++++ Listed records

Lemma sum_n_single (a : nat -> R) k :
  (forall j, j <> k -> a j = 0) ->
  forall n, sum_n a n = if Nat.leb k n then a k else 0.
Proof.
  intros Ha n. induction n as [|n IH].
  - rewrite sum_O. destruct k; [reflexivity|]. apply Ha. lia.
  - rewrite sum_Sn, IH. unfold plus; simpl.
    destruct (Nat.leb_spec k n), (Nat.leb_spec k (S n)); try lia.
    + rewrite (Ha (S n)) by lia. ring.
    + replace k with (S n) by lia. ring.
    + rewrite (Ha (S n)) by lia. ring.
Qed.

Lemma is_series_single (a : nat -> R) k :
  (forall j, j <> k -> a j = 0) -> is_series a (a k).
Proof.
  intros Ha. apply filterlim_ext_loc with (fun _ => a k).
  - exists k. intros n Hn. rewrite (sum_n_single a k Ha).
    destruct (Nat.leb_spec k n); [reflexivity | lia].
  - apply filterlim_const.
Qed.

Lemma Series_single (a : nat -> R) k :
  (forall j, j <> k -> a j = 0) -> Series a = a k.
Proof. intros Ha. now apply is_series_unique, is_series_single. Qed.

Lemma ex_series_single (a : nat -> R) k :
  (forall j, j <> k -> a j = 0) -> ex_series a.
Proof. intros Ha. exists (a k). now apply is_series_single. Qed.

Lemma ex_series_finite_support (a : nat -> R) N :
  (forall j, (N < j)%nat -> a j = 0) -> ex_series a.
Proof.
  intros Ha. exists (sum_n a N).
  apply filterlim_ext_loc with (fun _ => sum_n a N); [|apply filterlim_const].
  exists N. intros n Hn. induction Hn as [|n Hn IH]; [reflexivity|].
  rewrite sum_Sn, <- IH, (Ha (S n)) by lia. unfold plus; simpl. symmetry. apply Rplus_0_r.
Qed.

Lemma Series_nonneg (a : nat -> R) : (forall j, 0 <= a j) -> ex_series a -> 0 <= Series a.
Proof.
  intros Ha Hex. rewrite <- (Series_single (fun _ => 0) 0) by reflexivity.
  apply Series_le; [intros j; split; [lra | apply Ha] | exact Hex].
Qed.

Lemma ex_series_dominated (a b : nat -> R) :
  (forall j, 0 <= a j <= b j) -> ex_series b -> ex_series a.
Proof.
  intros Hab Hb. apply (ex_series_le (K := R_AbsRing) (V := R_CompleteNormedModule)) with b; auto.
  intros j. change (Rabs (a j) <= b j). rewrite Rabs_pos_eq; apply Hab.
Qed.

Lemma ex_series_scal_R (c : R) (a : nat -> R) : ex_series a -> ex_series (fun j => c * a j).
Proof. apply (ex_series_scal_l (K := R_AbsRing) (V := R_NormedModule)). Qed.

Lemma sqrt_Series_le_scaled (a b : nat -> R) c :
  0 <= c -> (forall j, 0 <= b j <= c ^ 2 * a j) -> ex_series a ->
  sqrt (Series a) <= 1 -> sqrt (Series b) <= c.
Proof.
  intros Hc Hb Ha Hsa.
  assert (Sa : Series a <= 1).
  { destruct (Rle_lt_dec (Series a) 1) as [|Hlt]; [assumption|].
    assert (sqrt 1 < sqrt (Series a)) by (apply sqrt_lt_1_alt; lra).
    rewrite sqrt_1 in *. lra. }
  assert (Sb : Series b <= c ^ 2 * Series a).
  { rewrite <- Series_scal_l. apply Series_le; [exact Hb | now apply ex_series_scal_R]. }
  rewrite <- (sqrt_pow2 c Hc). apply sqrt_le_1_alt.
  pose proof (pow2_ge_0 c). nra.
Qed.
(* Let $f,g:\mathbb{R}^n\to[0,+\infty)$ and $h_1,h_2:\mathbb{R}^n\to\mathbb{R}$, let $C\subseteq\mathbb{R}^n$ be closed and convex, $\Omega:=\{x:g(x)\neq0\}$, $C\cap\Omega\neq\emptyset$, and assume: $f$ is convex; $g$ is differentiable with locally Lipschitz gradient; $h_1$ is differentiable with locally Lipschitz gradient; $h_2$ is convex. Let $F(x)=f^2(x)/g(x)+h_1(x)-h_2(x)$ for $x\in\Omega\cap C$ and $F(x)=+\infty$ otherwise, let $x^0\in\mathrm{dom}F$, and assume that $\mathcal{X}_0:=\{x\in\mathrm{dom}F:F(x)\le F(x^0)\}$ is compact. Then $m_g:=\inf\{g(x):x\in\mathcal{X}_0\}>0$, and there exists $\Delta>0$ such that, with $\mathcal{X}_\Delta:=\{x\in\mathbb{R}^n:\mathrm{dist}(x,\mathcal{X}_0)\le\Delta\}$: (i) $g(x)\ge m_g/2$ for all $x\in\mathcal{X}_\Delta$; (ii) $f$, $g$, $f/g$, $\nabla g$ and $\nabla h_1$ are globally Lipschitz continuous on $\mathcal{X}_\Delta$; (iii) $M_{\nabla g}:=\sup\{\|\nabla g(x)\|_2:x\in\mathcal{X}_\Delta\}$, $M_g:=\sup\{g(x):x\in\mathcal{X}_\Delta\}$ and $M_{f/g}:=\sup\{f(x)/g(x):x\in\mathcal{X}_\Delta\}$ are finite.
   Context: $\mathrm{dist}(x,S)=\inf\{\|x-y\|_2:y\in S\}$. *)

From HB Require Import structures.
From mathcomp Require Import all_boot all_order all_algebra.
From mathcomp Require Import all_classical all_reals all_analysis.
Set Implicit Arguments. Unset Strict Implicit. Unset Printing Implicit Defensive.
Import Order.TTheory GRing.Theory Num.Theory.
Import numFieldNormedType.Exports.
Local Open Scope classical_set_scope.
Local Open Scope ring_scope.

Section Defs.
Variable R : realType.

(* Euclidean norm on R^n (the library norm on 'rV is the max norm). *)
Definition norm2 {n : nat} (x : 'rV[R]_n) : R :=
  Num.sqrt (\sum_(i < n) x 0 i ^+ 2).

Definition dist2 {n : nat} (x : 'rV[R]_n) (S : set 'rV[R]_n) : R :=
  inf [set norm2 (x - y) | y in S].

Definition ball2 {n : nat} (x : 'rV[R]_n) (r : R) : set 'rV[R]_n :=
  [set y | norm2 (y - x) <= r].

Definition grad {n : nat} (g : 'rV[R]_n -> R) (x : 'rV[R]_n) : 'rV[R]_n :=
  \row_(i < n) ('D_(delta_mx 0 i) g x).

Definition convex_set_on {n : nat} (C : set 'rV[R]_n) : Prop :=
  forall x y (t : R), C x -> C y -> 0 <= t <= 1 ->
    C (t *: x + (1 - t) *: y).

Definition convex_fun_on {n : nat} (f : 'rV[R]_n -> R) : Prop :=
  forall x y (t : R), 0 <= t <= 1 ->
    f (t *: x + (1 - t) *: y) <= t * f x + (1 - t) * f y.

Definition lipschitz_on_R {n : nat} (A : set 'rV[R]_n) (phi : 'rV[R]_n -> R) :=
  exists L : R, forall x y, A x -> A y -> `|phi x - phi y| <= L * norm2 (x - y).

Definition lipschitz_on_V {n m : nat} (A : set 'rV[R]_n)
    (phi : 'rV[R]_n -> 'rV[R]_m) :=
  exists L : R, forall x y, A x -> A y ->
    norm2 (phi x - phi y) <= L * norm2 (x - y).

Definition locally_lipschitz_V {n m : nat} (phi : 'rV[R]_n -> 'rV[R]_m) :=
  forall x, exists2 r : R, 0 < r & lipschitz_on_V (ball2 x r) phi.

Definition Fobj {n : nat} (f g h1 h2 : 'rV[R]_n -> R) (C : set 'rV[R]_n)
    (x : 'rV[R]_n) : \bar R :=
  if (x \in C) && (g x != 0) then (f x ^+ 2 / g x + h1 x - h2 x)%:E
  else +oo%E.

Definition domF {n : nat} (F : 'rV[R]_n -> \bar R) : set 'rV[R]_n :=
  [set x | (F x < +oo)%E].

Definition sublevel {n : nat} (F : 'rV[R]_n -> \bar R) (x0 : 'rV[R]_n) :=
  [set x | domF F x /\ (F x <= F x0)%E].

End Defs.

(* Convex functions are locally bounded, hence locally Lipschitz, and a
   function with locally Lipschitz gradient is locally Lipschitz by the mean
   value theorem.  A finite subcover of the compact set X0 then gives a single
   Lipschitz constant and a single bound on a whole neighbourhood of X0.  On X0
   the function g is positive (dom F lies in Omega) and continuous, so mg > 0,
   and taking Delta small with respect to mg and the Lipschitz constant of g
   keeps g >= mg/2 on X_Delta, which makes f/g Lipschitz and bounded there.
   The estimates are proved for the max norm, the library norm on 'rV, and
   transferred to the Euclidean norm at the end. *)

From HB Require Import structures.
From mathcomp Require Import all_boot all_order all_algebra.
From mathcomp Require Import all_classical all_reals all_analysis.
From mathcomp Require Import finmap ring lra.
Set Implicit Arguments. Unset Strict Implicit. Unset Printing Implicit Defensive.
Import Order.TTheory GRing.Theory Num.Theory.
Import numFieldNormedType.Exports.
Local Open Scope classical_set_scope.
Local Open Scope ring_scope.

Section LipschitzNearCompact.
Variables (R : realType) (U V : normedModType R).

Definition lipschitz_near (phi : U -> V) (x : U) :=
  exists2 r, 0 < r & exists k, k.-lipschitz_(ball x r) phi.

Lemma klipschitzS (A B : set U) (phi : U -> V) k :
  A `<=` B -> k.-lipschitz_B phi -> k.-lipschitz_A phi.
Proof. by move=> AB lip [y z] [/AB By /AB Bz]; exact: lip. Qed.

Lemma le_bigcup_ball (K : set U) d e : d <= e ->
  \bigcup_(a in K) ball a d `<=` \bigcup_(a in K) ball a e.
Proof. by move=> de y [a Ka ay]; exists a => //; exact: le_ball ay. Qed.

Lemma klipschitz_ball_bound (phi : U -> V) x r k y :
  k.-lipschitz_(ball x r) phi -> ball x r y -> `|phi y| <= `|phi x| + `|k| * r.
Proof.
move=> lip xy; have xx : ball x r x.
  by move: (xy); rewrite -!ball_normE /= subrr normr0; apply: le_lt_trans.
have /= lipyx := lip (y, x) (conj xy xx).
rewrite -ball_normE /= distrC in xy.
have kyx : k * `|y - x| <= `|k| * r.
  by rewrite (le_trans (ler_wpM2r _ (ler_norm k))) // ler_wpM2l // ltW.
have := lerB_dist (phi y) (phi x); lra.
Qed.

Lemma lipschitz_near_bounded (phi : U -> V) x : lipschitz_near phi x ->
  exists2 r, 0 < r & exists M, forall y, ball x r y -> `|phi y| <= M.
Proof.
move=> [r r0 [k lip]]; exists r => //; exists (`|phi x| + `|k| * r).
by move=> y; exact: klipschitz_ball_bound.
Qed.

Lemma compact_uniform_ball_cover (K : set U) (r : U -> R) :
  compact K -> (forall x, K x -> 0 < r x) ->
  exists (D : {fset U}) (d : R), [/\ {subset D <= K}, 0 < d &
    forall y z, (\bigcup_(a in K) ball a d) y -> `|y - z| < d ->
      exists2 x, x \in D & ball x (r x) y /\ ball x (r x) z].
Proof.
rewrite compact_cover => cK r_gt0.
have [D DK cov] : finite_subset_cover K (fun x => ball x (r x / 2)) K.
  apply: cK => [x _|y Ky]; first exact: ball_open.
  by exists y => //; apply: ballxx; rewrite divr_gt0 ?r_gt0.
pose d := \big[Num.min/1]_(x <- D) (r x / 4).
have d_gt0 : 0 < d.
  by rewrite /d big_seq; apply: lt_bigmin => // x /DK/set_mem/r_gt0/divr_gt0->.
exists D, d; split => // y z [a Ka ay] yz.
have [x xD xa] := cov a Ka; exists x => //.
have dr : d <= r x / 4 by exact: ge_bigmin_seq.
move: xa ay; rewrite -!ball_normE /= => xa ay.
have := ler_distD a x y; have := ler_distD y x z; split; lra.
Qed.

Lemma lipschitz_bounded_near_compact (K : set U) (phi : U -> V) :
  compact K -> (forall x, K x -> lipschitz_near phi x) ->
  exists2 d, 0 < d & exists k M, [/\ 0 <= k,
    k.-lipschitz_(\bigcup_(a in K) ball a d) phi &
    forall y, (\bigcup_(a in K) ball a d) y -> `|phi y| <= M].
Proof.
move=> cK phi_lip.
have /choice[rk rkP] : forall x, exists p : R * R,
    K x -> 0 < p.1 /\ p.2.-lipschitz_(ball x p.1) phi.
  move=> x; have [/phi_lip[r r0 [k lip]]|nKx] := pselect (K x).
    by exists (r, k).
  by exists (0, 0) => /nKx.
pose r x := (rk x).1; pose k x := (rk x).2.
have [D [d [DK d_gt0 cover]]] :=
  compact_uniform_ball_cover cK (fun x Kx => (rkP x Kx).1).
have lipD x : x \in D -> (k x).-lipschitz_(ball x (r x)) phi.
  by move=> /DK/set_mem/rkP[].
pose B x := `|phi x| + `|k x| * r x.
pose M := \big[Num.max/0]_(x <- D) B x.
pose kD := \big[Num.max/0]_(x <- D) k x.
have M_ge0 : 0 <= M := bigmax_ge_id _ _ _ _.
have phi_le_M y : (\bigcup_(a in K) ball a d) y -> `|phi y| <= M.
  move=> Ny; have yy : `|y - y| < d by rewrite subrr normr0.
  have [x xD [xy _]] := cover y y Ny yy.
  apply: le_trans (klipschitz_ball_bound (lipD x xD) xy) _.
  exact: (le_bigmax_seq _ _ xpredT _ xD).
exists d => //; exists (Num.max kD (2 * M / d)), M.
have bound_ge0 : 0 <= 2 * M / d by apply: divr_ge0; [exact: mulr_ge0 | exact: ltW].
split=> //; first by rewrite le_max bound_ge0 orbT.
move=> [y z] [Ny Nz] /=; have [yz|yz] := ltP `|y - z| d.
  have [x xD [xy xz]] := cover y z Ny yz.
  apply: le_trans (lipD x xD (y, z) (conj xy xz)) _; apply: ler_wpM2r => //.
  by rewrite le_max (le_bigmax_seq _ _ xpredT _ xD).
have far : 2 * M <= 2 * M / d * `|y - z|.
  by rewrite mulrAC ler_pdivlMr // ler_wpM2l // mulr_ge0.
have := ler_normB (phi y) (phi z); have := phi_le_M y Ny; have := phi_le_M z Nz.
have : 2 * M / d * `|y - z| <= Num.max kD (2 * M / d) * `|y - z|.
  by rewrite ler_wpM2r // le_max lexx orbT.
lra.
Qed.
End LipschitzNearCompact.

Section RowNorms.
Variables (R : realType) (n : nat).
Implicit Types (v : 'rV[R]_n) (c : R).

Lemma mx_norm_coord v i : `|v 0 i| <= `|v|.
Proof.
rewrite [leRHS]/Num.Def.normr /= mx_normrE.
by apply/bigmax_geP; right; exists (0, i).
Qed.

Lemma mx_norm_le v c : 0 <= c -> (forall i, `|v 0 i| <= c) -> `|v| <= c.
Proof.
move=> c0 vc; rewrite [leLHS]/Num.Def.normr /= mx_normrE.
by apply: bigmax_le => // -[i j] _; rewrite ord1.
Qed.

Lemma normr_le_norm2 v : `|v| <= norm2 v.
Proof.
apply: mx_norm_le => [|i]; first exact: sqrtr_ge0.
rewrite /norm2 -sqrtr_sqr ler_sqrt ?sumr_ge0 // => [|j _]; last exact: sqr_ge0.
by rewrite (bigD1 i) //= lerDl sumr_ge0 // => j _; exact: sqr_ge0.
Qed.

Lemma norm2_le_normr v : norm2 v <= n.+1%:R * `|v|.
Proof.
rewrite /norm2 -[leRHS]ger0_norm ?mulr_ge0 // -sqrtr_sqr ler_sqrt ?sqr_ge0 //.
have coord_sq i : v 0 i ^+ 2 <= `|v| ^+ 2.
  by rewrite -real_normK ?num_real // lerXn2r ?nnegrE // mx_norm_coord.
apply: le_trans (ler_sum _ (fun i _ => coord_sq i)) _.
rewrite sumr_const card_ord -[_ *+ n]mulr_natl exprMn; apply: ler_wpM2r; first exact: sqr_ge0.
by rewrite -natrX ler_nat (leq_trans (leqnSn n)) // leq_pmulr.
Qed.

++++++++

■ **Task objective**
Going through the data above, return each line with the word "library".

■ **Output**
(* Euclidean norm on R^n (the library norm on 'rV is the max norm). *)
   The estimates are proved for the max norm, the library norm on 'rV, and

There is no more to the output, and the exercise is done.